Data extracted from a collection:

——

Definition mutually_independent (P : probability T R) (K : finType)
  (F : K -> set (set T)) : Prop :=
  forall (J : {set K}) (E : K -> set T),
    (forall j, j \in J -> F j (E j)) ->
    P (\bigcap_(j in [set` J]) E j) = (\prod_(j in J) P (E j))%E.

Definition expect (P : probability T R) (X : T -> R) : R := Rintegral P setT X.

End Prob.

From HB Require Import structures.
From mathcomp Require Import all_boot all_order all_algebra.
From mathcomp Require Import all_classical all_reals ereal.
From mathcomp Require Import topology normedtype sequences measure numfun.
From mathcomp Require Import measurable_realfun lebesgue_measure lebesgue_integral.
From mathcomp Require Import probability lra zify.
Set Implicit Arguments. Unset Strict Implicit. Unset Printing Implicit Defensive.
Import Order.TTheory GRing.Theory Num.Theory numFieldNormedType.Exports.
Local Open Scope classical_set_scope.
Local Open Scope ring_scope.

(* Expanding the square, the squared Frobenius norm of the Kruskal tensor is
   the sum over indices [idx] and pairs [(r, s)] of
   [\prod_n a^(n)_(i_n r) * a^(n)_(i_n s)], whose n-th factor depends on
   A^(n) only.  Independence of the A^(n) turns the expectation of this
   product into [\prod_n E[a a^T]_(r s)]; summing over [(r, s)] gives the
   generalized inner product.  The product rule for independent integrable
   variables is obtained as usual: for simple functions it is the product
   rule defining independence, it extends to nonnegative variables by monotone
   convergence of dyadic approximations, and to signed ones through positive
   and negative parts.  The Khatri-Rao form holds because the column sums of
   an iterated Khatri-Rao product are the products of the column sums, and
   [vec] only reindexes the pairs [(r, s)]. *)

Lemma bigA_distr_dffun (R : comPzSemiRingType) (I : finType) (J : I -> finType)
    (G : forall i, J i -> R) :
  \prod_i \sum_(j : J i) G i j = \sum_(f : {dffun forall i, J i}) \prod_i G i (f i).
Proof.
pose G' i := [ffun j => G i j].
have G'E i : G i = G' i :> (J i -> R) by apply/funext => j; rewrite ffunE.
rewrite (eq_bigr (fun i => \sum_(p in tagged_with J i) untag 0 (G' i) p)); last first.
  by move=> i _; rewrite -G'E -big_tag.
rewrite bigA_distr_big_dep -big_fprod.
rewrite (reindex (@fprod_of_dffun I J)); last exact/onW_bij/fprod_of_dffun_bij.
apply: eq_bigr => f _; rewrite big_mkcond /=; apply: eq_bigr => i _.
by rewrite /fprod_of_dffun fprodE G'E.
Qed.

Section kruskal_sums.
Variable R : realType.

Lemma sumr_ord_delta (n a : nat) (x : R) : (a < n)%N ->
  \sum_(k < n) (k == a :> nat)%:R * x = x.
Proof.
move=> an; rewrite (bigD1 (Ordinal an)) //= eqxx mul1r big1 ?addr0 // => k.
by rewrite -(inj_eq val_inj) /= => /negbTE ->; rewrite mul0r.
Qed.

Lemma vec_index_delta (p : nat) (c : 'I_(p * p)) :
  exists r0 s0, forall x : 'I_p -> 'I_p -> R,
    \sum_(r < p) \sum_(s < p) (c == (r + s * p)%N :> nat)%:R * x r s = x r0 s0.
Proof.
have p0 : (0 < p)%N by case: p c => [[]|].
have r0p : (c %% p < p)%N by rewrite ltn_mod.
have s0p : (c %/ p < p)%N by rewrite ltn_divLR // ltn_ord.
exists (Ordinal r0p), (Ordinal s0p) => x.
rewrite (bigD1 (Ordinal r0p)) //= (bigD1 (Ordinal s0p)) //= addnC -divn_eq eqxx mul1r.
rewrite big1 ?addr0; last first.
  move=> s /negbTE ns; case: eqP; rewrite ?mul0r // => h; exfalso.
  move: ns; rewrite -(inj_eq val_inj) /= => /negbT/eqP; apply.
  by rewrite {1}h addnC divnMDl // divn_small ?addn0 // ltn_mod.
rewrite big1 ?addr0 // => r /negbTE nr; rewrite big1 // => s _.
case: eqP; rewrite ?mul0r // => h; exfalso.
move: nr; rewrite -(inj_eq val_inj) /= => /negbT/eqP; apply.
by rewrite {1}h addnC modnMDl modn_small.
Qed.

Lemma sum_prod_vecmx (N p : nat) (M : 'I_N -> 'M[R]_(p, p)) :
  \sum_(c < p * p) \prod_n vecmx (M n) c ord0 =
  \sum_(r < p) \sum_(s < p) \prod_n M n r s.
Proof.
transitivity (\sum_(c < p * p) \sum_(r < p) \sum_(s < p)
   (c == (r + s * p)%N :> nat)%:R * \prod_n M n r s).
  apply: eq_bigr => c _; have [r0 [s0 c_rs]] := vec_index_delta c.
  by rewrite c_rs; apply: eq_bigr => n _; rewrite mxE; exact: c_rs.
rewrite exchange_big /=; apply: eq_bigr => r _.
rewrite exchange_big /=; apply: eq_bigr => s _.
by rewrite sumr_ord_delta //; move: (ltn_ord r) (ltn_ord s); nia.
Qed.

Lemma sum_col_kr_big (C : nat) (J : nat -> nat) (B : forall k, 'M[R]_(J k, C))
    (K : nat) (c : 'I_C) :
  \sum_(k < kr_dim K J) kr_big B K k c = \prod_(j < K) \sum_(i < J j) B j i c.
Proof.
elim: K => [|K IH] /=; first by rewrite big_ord0 big_ord1 mxE.
rewrite big_ord_recr /= -IH mulrC.
under eq_bigr do rewrite mxE.
rewrite exchange_big /=; under eq_bigr do rewrite exchange_big /=.
rewrite mulr_suml; apply: eq_bigr => i _; rewrite mulr_sumr; apply: eq_bigr => j _.
by rewrite sumr_ord_delta //; move: (ltn_ord i) (ltn_ord j); nia.
Qed.

Lemma ones_khatri_rao_big_ones (N C : nat) (I : 'I_N -> nat)
    (B : forall n : 'I_N, 'M[R]_(I n, C)) :
  ((const_mx 1 : 'rV[R]_(kr_dim N (ext_dim I))) *m khatri_rao_big B
     *m (const_mx 1 : 'cV[R]_C)) ord0 ord0
  = \sum_(c < C) \sum_(idx : {dffun forall n : 'I_N, 'I_(I n)}) \prod_n B n (idx n) c.
Proof.
rewrite mxE; apply: eq_bigr => c _; rewrite !mxE mulr1.
under eq_bigr do rewrite mxE mul1r.
rewrite sum_col_kr_big -(bigA_distr_dffun (fun n i => B n i c)).
by apply: eq_bigr => n _; rewrite /ext_dim /ext_mx valK.
Qed.

Lemma sqr_frob_norm_kruskal (N Rk : nat) (I : 'I_N -> nat)
    (A : forall n : 'I_N, 'M[R]_(I n, Rk)) :
  frob_norm (kruskal A) ^+ 2 =
  \sum_(idx : {dffun forall n : 'I_N, 'I_(I n)}) \sum_(r < Rk) \sum_(s < Rk)
    \prod_n (A n (idx n) r * A n (idx n) s).
Proof.
rewrite /frob_norm sqr_sqrtr; last by apply: sumr_ge0 => *; exact: sqr_ge0.
apply: eq_bigr => idx _; rewrite /kruskal expr2 mulr_suml; apply: eq_bigr => r _.
by rewrite mulr_sumr; apply: eq_bigr => s _; rewrite big_split.
Qed.

End kruskal_sums.

Lemma prodrBE (R : comPzRingType) (I : finType) (u v : I -> R) :
  \prod_i (u i - v i) = \sum_(g : {ffun I -> bool})
    \prod_i (if g i then 1 else -1) * \prod_i (if g i then u i else v i).
Proof.
rewrite (eq_bigr (fun i => \sum_(b : bool) (if b then u i else - v i))); last first.
  by move=> i _; rewrite big_bool.
rewrite bigA_distr_bigA; apply: eq_bigr => g _; rewrite -big_split /=.
by apply: eq_bigr => i _; case: (g i); rewrite ?mul1r ?mulN1r.
Qed.

Lemma prod_funrposneg (T : Type) (R : realDomainType) (I : finType)
    (X : I -> T -> R) t :
  \prod_i X i t = \sum_(g : {ffun I -> bool})
    \prod_i (if g i then 1 else -1) *
    \prod_i (if g i then (X i)^\+ else (X i)^\-) t.
Proof.
have XE i : X i t = (X i)^\+ t - (X i)^\- t.
  exact/esym/(congr1 (fun f => f t) (funrposBneg (X i))).
under eq_bigr do rewrite XE.
rewrite prodrBE; apply: eq_bigr => g _; congr (_ * _).
by apply: eq_bigr => i _; case: (g i).
Qed.

Lemma cvg_prodr (R : numFieldType) (I : Type) (s : seq I) (u : I -> nat -> R)
    (l : I -> R) :
  (forall i, u i @ \oo --> l i) ->
  (fun m => \prod_(i <- s) u i m) @ \oo --> \prod_(i <- s) l i.
Proof.
move=> u_l; elim: s => [|i s IH].
  by rewrite big_nil; under eq_fun do rewrite big_nil; exact: cvg_cst.
by rewrite big_cons; under eq_fun do rewrite big_cons; exact: cvgM.
Qed.

Section integral_lemmas.
Context {d : measure_display} {T : measurableType d} {R : realType}.
Variable mu : measure T R.

Lemma prod_indic (I : finType) (E : I -> set T) t :
  \prod_i \1_(E i) t = \1_(\bigcap_(i in [set` [set: I]%SET]) E i) t :> R.
Proof.
have [allE|] := pselect (forall i, E i t).
  rewrite big1 => [|i _]; last by rewrite indicE mem_set.
  by rewrite indicE mem_set // => i _; exact: allE.
move=> /existsNP [i Eit]; rewrite (bigD1 i) //= indicE memNset // mul0r.
by rewrite indicE memNset // => allE; apply/Eit/allE; rewrite /= inE.
Qed.

Lemma preimage_comp_measurable (G : set (set T)) (X : T -> R) (h : R -> R) :
  (forall B, measurable B -> G (X @^-1` B)) -> measurable_fun setT h ->
  forall B, measurable B -> G ((h \o X) @^-1` B).
Proof.
move=> GX mh B mB; rewrite comp_preimage -[h @^-1` B]setTI.
by apply: GX; exact: mh.
Qed.

Lemma integrable_sqrM (X Y : T -> R) :
  measurable_fun setT X -> measurable_fun setT Y ->
  mu.-integrable setT (fun t => (X t ^+ 2)%:E) ->
  mu.-integrable setT (fun t => (Y t ^+ 2)%:E) ->
  mu.-integrable setT (EFin \o (X \* Y)).
Proof.
move=> mX mY iX iY.
apply: le_integrable (integrableD measurableT iX iY) => //.
  by apply/measurable_EFinP; exact: measurable_funM.
move=> t _; rewrite -EFinD !abse_EFin lee_fin /=.
rewrite [X in _ <= X]ger0_norm ?addr_ge0 ?sqr_ge0 // ler_norml.
by apply/andP; split; nra.
Qed.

——

## Problem
Each line from the top of the records down to the one with "the sum over" must be retyped exactly; include both ends and nothing else.

## Written answer
Definition mutually_independent (P : probability T R) (K : finType)
  (F : K -> set (set T)) : Prop :=
  forall (J : {set K}) (E : K -> set T),
    (forall j, j \in J -> F j (E j)) ->
    P (\bigcap_(j in [set` J]) E j) = (\prod_(j in J) P (E j))%E.

Definition expect (P : probability T R) (X : T -> R) : R := Rintegral P setT X.

End Prob.

From HB Require Import structures.
From mathcomp Require Import all_boot all_order all_algebra.
From mathcomp Require Import all_classical all_reals ereal.
From mathcomp Require Import topology normedtype sequences measure numfun.
From mathcomp Require Import measurable_realfun lebesgue_measure lebesgue_integral.
From mathcomp Require Import probability lra zify.
Set Implicit Arguments. Unset Strict Implicit. Unset Printing Implicit Defensive.
Import Order.TTheory GRing.Theory Num.Theory numFieldNormedType.Exports.
Local Open Scope classical_set_scope.
Local Open Scope ring_scope.

(* Expanding the square, the squared Frobenius norm of the Kruskal tensor is
   the sum over indices [idx] and pairs [(r, s)] of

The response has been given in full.